§ Your instructions
Filter the entries down to the lines holding "that", then copy those lines.

[Collected data]
######

(* Let $x\in J$. Then $x$ is an extreme point of $B_J$ if and only if $x$ has NPR hereditarily and $\|x\|_2=1$.
   Context: For a real sequence $x=(x(n))_{n\in\mathbb N}$ let $\|x\|_J=\sup\bigl(\sum_{i=1}^n|\sum_{k\in I_i}x(k)|^2\bigr)^{1/2}$ over all $n$ and all families of pairwise disjoint intervals $I_1,\dots,I_n$ of $\mathbb N$ (intervals: nonempty sets of consecutive positive integers, possibly infinite). $J=\{x:\|x\|_J<\infty\}$ with closed unit ball $B_J$; $\|\cdot\|_2$ is the $\ell_2$ norm; for $x\in J$ the series $\sum_n x(n)$ and $\sum_{n\in I}x(n)$ (for intervals $I$) converge. For $A\subset\mathbb N$, $x|_A$ equals $x$ on $A$ and $0$ off $A$. A vector $x\in J$ has non-positive remainder (NPR) if $|\sum_n x(n)|^2\le\sum_n|x(n)|^2$; it has NPR hereditarily if $x|_I$ has NPR for every interval $I$ of $\mathbb N$. *)

From Stdlib Require Import Reals Lra List Arith ClassicalDescription.
From Coquelicot Require Import Coquelicot.
Open Scope R_scope.

(* Sequences x = (x(n))_{n in N}; we index the positive integers 1,2,3,...
   by 0,1,2,... (an order-preserving relabelling). *)

Definition is_interval (I : nat -> Prop) : Prop :=
  (exists n, I n) /\
  (forall a b c, (a <= b)%nat -> (b <= c)%nat -> I a -> I c -> I b).

Definition restrict (x : nat -> R) (A : nat -> Prop) : nat -> R :=
  fun k => if excluded_middle_informative (A k) then x k else 0.

Definition isum (x : nat -> R) (I : nat -> Prop) : R := Series (restrict x I).

Definition family_sq (x : nat -> R) (n : nat) (I : nat -> nat -> Prop) : R :=
  fold_right Rplus 0 (map (fun i => (Rabs (isum x (I i))) ^ 2) (seq 0 n)).

Definition disjoint_family (n : nat) (I : nat -> nat -> Prop) : Prop :=
  (forall i, (i < n)%nat -> is_interval (I i)) /\
  (forall i j, (i < n)%nat -> (j < n)%nat -> i <> j -> forall k, ~ (I i k /\ I j k)).

Definition Jnorm (x : nat -> R) : Rbar :=
  Lub_Rbar (fun r => exists n I, disjoint_family n I /\ r = sqrt (family_sq x n I)).

Definition inJ (x : nat -> R) : Prop := Rbar_lt (Jnorm x) p_infty.

Definition in_BJ (x : nat -> R) : Prop := inJ x /\ Rbar_le (Jnorm x) 1.

Definition extreme_BJ (x : nat -> R) : Prop :=
  in_BJ x /\
  forall (y z : nat -> R) (t : R), in_BJ y -> in_BJ z -> 0 < t < 1 ->
    (forall n, x n = t * y n + (1 - t) * z n) ->
    (forall n, y n = z n).

Definition l2norm (x : nat -> R) : R := sqrt (Series (fun n => (Rabs (x n)) ^ 2)).

Definition NPR (x : nat -> R) : Prop :=
  (Rabs (Series x)) ^ 2 <= Series (fun n => (Rabs (x n)) ^ 2).

Definition NPR_hered (x : nat -> R) : Prop :=
  forall I, is_interval I -> NPR (restrict x I).

(* If [x] has NPR on every interval, then for disjoint intervals
   [Σ_i |Σ_{I_i} x|^2 <= Σ_i Σ_{I_i} x^2 <= ‖x‖_2^2], so [‖x‖_J <= ‖x‖_2];
   singletons give [‖·‖_2 <= ‖·‖_J].  Hence for [‖x‖_2 = 1] a decomposition
   of [x] inside [B_J] is one inside the Hilbert ball, where [x] is extreme.

   Conversely let [x] be extreme.  NPR on [p, r] follows by induction on its
   length: if it fails on [p, r] but holds on all proper subintervals, every
   family of disjoint intervals that does not put [p] and [r] into one member
   has square sum at most [1 - δ], [δ > 0] the NPR defect of [p, r] (glue to
   [p, r] the members that stick out of it on the side where this helps).  So
   [x ± (δ/8) (e_p - e_r)] stay in [B_J], which contradicts extremality.
   Infinite intervals follow by truncation, and then [‖x‖_J <= ‖x‖_2] forces
   [‖x‖_2 = 1], or else [x] would be the midpoint of [(1 ± η) x]. *)

From Stdlib Require Import Reals Lra Lia List Arith ClassicalDescription Classical Wf_nat
  FunctionalExtensionality.
From Coquelicot Require Import Coquelicot.
Open Scope R_scope.

Definition fsum (n : nat) (f : nat -> R) : R := fold_right Rplus 0 (map f (seq 0 n)).

Lemma fsum_S n f : fsum (S n) f = fsum n f + f n.
Proof.
  unfold fsum; rewrite seq_S, map_app, fold_right_app; simpl.
  induction (map f (seq 0 n)) as [|a l IH]; simpl; [ring | rewrite IH; ring].
Qed.

Lemma fsum_ext n f g : (forall i, (i < n)%nat -> f i = g i) -> fsum n f = fsum n g.
Proof.
  induction n as [|n IH]; intros H; [reflexivity|].
  rewrite !fsum_S, IH, H by (auto; lia); reflexivity.
Qed.

Lemma fsum_le n f g : (forall i, (i < n)%nat -> f i <= g i) -> fsum n f <= fsum n g.
Proof.
  induction n as [|n IH]; intros H; [cbn; lra|].
  rewrite !fsum_S; apply Rplus_le_compat; [apply IH; intros i Hi|]; apply H; lia.
Qed.

Lemma fsum_plus n f g : fsum n (fun i => f i + g i) = fsum n f + fsum n g.
Proof. induction n as [|n IH]; [cbn; ring|]. rewrite !fsum_S, IH; ring. Qed.

Lemma fsum_scal n c f : fsum n (fun i => c * f i) = c * fsum n f.
Proof. induction n as [|n IH]; [cbn; ring|]. rewrite !fsum_S, IH; ring. Qed.

Lemma fsum_zero n : fsum n (fun _ => 0) = 0.
Proof. induction n as [|n IH]; [reflexivity|]. rewrite fsum_S, IH; ring. Qed.

Lemma fsum_nonneg n f : (forall i, (i < n)%nat -> 0 <= f i) -> 0 <= fsum n f.
Proof. intros H; rewrite <- (fsum_zero n); now apply fsum_le. Qed.

Lemma fsum_indicator_none n (P : nat -> Prop) (g : nat -> R) :
  (forall i, (i < n)%nat -> ~ P i) ->
  fsum n (fun i => if excluded_middle_informative (P i) then g i else 0) = 0.
Proof.
  intros H; transitivity (fsum n (fun _ => 0)); [apply fsum_ext; intros i Hi|apply fsum_zero].
  destruct (excluded_middle_informative (P i)); [now exfalso; apply (H i)|reflexivity].
Qed.

Lemma fsum_indicator_unique n (P : nat -> Prop) (g : nat -> R) j :
  (j < n)%nat -> P j -> (forall i, (i < n)%nat -> P i -> i = j) ->
  fsum n (fun i => if excluded_middle_informative (P i) then g i else 0) = g j.
Proof.
  induction n as [|n IH]; intros Hj Pj H; [lia|].
  rewrite fsum_S; destruct (Nat.eq_dec j n) as [->|Hne].
  - rewrite fsum_indicator_none by (intros i Hi Pi; specialize (H i ltac:(lia) Pi); lia).
    destruct (excluded_middle_informative (P n)); [ring | contradiction].
  - rewrite IH by (auto; lia).
    destruct (excluded_middle_informative (P n)) as [Pn|]; [|ring].
    specialize (H n ltac:(lia) Pn); lia.
Qed.

Lemma fsum_indicator_le n (P : nat -> Prop) (g : R) : 0 <= g ->
  (forall i j, (i < n)%nat -> (j < n)%nat -> P i -> P j -> i = j) ->
  fsum n (fun i => if excluded_middle_informative (P i) then g else 0) <= g.
Proof.
  intros Hg H; destruct (classic (exists j, (j < n)%nat /\ P j)) as [[j [Hj Pj]]|Hno].
  - rewrite (fsum_indicator_unique n P (fun _ => g) j Hj Pj); [lra|].
    intros i Hi Pi; apply H; auto.
  - rewrite fsum_indicator_none; [lra|]. intros i Hi Pi; apply Hno; eauto.
Qed.

Lemma fsum_sq_le_sq_fsum n (s : R) (m : nat -> R) : s <> 0 ->
  (forall i, (i < n)%nat -> 0 <= s * m i) -> fsum n (fun i => m i ^ 2) <= fsum n m ^ 2.
Proof.
  intros Hs; induction n as [|n IH]; intros H; [cbn; lra|].
  rewrite !fsum_S.
  assert (0 <= s * fsum n m) by (rewrite <- fsum_scal; apply fsum_nonneg; intros; apply H; lia).
  assert (0 <= s * m n) by (apply H; lia).
  assert (0 < Rsqr s) by (now apply Rsqr_pos_lt).
  assert (0 <= fsum n m * m n) by (unfold Rsqr in *; nra).
  assert (fsum n (fun i => m i ^ 2) <= fsum n m ^ 2) by (apply IH; intros; apply H; lia).
  nra.
Qed.

Definition convex (T : nat -> Prop) : Prop :=
  forall a b c, (a <= b)%nat -> (b <= c)%nat -> T a -> T c -> T b.

Definition Iv (p r : nat) : nat -> Prop := fun k => (p <= k <= r)%nat.

Lemma convex_Iv p r : convex (Iv p r).
Proof. unfold Iv; intros a b c; lia. Qed.

Lemma convex_const (P : Prop) : convex (fun _ => P).
Proof. now intros a b c. Qed.

Lemma convex_and A B : convex A -> convex B -> convex (fun k => A k /\ B k).
Proof.
  intros HA HB a b c Hab Hbc [Aa Ba] [Ac Bc].
  split; [apply (HA a b c) | apply (HB a b c)]; auto.
Qed.

Lemma convex_family_member n I i : disjoint_family n I -> (i < n)%nat -> convex (I i).
Proof. intros [H _] Hi; exact (proj2 (H i Hi)). Qed.

Lemma disjoint_family_member_unique n I i j k : disjoint_family n I ->
  (i < n)%nat -> (j < n)%nat -> I i k -> I j k -> i = j.
Proof.
  intros HI Hi Hj A B; apply NNPP; intros Hij; exact (proj2 HI i j Hi Hj Hij k (conj A B)).
Qed.

Lemma convex_diff_Iv T p r : convex T -> ~ (T p /\ T r) ->
  convex (fun k => T k /\ ~ Iv p r k).
Proof.
  unfold Iv; intros HT Hpr a b c Hab Hbc [Ta Na] [Tc Nc]; split; [now apply (HT a b c)|].
  intros Hb; apply Hpr; split; [apply (HT a p c) | apply (HT a r c)]; auto; lia.
Qed.

Lemma convex_Iv_diff T p r : convex T -> T p \/ T r ->
  convex (fun k => Iv p r k /\ ~ T k).
Proof.
  unfold Iv; intros HT Hpr a b c Hab Hbc [Ia Na] [Ic Nc]; split; [lia|].
  intros Tb; destruct Hpr as [Tp|Tr].
  - apply Na, (HT p a b); auto; lia.
  - apply Nc, (HT b c r); auto; lia.
Qed.

(* Every point between a point of the union and a point of [C] lies in the
   union: go through a point where the relevant [T j] meets [C]. *)
Lemma convex_union_meeting (C P : nat -> Prop) (T : nat -> nat -> Prop) :
  convex C -> (exists m, C m) ->
  (forall j, P j -> convex (T j) /\ exists m, C m /\ T j m) ->
  convex (fun k => C k \/ exists j, P j /\ T j k).
Proof.
  intros HC [m0 Cm0] HT.
  assert (Star : forall y m b, (C y \/ exists j, P j /\ T j y) -> C m ->
            (y <= b <= m \/ m <= b <= y)%nat -> C b \/ exists j, P j /\ T j b).
  { intros y m b [Cy|[j [Pj Tjy]]] Cm Hb.
    - left; destruct Hb; [apply (HC y b m) | apply (HC m b y)]; tauto.
    - destruct (HT j Pj) as [Tj [mj [Cmj Tjmj]]].
      assert (((y <= b <= mj) \/ (mj <= b <= y)) \/ ((mj <= b <= m) \/ (m <= b <= mj)))%nat
        as [[Hb'|Hb']|[Hb'|Hb']] by lia.
      + right; exists j; split; [|apply (Tj y b mj)]; tauto.
      + right; exists j; split; [|apply (Tj mj b y)]; tauto.
      + left; apply (HC mj b m); tauto.
      + left; apply (HC m b mj); tauto. }
  intros a b c Hab Hbc Ua Uc.
  destruct (Nat.le_gt_cases b m0).
  - apply (Star a m0 b); auto.
  - apply (Star c m0 b); auto; lia.
Qed.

######

§ Solution for this exercise
   family of disjoint intervals that does not put [p] and [r] into one member
   [p, r] the members that stick out of it on the side where this helps).  So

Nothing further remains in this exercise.